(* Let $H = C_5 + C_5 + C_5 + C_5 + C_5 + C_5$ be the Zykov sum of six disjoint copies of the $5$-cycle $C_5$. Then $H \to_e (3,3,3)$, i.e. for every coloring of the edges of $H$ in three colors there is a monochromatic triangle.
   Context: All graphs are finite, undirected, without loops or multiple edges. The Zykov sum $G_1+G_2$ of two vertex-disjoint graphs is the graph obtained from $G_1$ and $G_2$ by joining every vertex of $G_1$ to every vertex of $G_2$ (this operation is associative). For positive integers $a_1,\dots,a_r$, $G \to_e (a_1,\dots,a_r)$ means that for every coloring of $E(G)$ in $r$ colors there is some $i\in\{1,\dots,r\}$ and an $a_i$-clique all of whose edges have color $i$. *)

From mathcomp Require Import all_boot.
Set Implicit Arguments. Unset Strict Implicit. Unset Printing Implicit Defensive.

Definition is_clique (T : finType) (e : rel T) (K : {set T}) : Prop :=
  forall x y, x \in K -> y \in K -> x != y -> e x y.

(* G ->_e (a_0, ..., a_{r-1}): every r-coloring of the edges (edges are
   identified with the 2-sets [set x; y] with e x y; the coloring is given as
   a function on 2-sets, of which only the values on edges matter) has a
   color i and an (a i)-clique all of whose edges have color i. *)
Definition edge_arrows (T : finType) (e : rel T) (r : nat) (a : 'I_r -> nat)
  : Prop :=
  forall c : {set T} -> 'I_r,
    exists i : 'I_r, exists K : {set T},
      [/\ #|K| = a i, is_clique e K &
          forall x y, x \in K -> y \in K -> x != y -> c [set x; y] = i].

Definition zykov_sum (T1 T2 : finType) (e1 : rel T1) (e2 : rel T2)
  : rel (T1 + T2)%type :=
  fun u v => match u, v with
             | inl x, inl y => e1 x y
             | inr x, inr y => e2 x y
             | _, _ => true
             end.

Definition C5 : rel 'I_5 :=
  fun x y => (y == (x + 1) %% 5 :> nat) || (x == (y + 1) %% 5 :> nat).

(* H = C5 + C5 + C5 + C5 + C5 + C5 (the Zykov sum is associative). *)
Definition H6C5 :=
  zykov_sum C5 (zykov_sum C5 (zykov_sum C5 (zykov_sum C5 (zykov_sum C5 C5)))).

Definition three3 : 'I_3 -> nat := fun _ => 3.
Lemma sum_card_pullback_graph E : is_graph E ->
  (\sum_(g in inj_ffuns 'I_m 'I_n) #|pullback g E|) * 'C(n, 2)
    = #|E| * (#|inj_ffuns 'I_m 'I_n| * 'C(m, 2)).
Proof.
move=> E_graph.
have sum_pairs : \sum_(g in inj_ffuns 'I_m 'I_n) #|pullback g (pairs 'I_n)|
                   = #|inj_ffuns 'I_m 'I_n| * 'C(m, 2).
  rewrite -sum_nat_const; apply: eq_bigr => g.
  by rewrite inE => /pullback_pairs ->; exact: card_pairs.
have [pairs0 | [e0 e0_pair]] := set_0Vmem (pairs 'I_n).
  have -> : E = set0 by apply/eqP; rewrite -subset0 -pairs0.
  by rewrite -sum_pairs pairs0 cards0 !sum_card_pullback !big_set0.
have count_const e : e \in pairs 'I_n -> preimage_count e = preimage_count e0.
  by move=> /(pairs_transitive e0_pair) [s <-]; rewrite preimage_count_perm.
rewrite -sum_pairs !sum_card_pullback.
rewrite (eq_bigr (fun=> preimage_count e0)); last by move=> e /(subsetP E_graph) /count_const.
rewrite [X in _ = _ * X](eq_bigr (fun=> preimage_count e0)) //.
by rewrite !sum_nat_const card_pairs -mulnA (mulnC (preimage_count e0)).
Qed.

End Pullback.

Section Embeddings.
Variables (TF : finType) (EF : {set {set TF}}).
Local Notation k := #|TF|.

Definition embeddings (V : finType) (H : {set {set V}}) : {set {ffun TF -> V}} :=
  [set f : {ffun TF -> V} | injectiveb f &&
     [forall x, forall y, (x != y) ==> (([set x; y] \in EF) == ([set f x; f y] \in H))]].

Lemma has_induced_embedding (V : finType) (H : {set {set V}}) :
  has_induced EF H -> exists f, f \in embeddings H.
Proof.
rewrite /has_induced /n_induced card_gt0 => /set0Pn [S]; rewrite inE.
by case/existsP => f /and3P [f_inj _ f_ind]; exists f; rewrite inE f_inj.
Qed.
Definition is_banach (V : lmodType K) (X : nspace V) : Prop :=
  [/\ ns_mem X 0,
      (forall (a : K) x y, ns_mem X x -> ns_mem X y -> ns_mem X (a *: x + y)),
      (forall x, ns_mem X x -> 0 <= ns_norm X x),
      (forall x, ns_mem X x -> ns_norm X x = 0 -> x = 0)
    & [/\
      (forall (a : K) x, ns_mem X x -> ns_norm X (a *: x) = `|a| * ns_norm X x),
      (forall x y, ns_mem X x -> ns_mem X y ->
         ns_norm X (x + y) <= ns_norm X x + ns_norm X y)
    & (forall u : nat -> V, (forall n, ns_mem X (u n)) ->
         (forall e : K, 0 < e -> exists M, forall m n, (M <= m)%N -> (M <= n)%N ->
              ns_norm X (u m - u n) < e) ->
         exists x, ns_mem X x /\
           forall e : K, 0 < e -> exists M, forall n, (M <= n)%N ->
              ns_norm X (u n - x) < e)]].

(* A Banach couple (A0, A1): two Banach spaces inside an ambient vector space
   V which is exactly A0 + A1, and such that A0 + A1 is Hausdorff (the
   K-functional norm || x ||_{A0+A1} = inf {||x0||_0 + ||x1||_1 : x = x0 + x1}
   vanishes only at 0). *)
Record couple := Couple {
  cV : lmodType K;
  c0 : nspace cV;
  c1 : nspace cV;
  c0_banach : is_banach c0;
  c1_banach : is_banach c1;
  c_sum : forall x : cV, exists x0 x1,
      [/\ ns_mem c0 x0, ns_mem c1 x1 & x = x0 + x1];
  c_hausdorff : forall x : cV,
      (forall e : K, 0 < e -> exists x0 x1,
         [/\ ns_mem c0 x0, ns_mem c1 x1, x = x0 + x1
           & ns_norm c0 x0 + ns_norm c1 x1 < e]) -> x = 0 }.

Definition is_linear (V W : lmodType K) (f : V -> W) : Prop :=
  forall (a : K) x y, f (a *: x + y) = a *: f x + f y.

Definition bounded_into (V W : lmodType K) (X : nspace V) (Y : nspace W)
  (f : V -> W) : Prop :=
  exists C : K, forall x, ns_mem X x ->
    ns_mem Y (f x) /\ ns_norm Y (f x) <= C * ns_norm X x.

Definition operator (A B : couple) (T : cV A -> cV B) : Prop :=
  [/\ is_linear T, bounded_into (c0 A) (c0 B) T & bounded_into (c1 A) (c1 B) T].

* [PROBLEM REQUIREMENTS]: All that should be written out is the stretch of lines above between the one holding "ns_mem X (u n)) ->" and the one holding "ns_norm X (u n - x) < e)]].", inclusive, exactly as given.

* [THE COMPLETED TASK]:
    & (forall u : nat -> V, (forall n, ns_mem X (u n)) ->
         (forall e : K, 0 < e -> exists M, forall m n, (M <= m)%N -> (M <= n)%N ->
              ns_norm X (u m - u n) < e) ->
         exists x, ns_mem X x /\
           forall e : K, 0 < e -> exists M, forall n, (M <= n)%N ->
              ns_norm X (u n - x) < e)]].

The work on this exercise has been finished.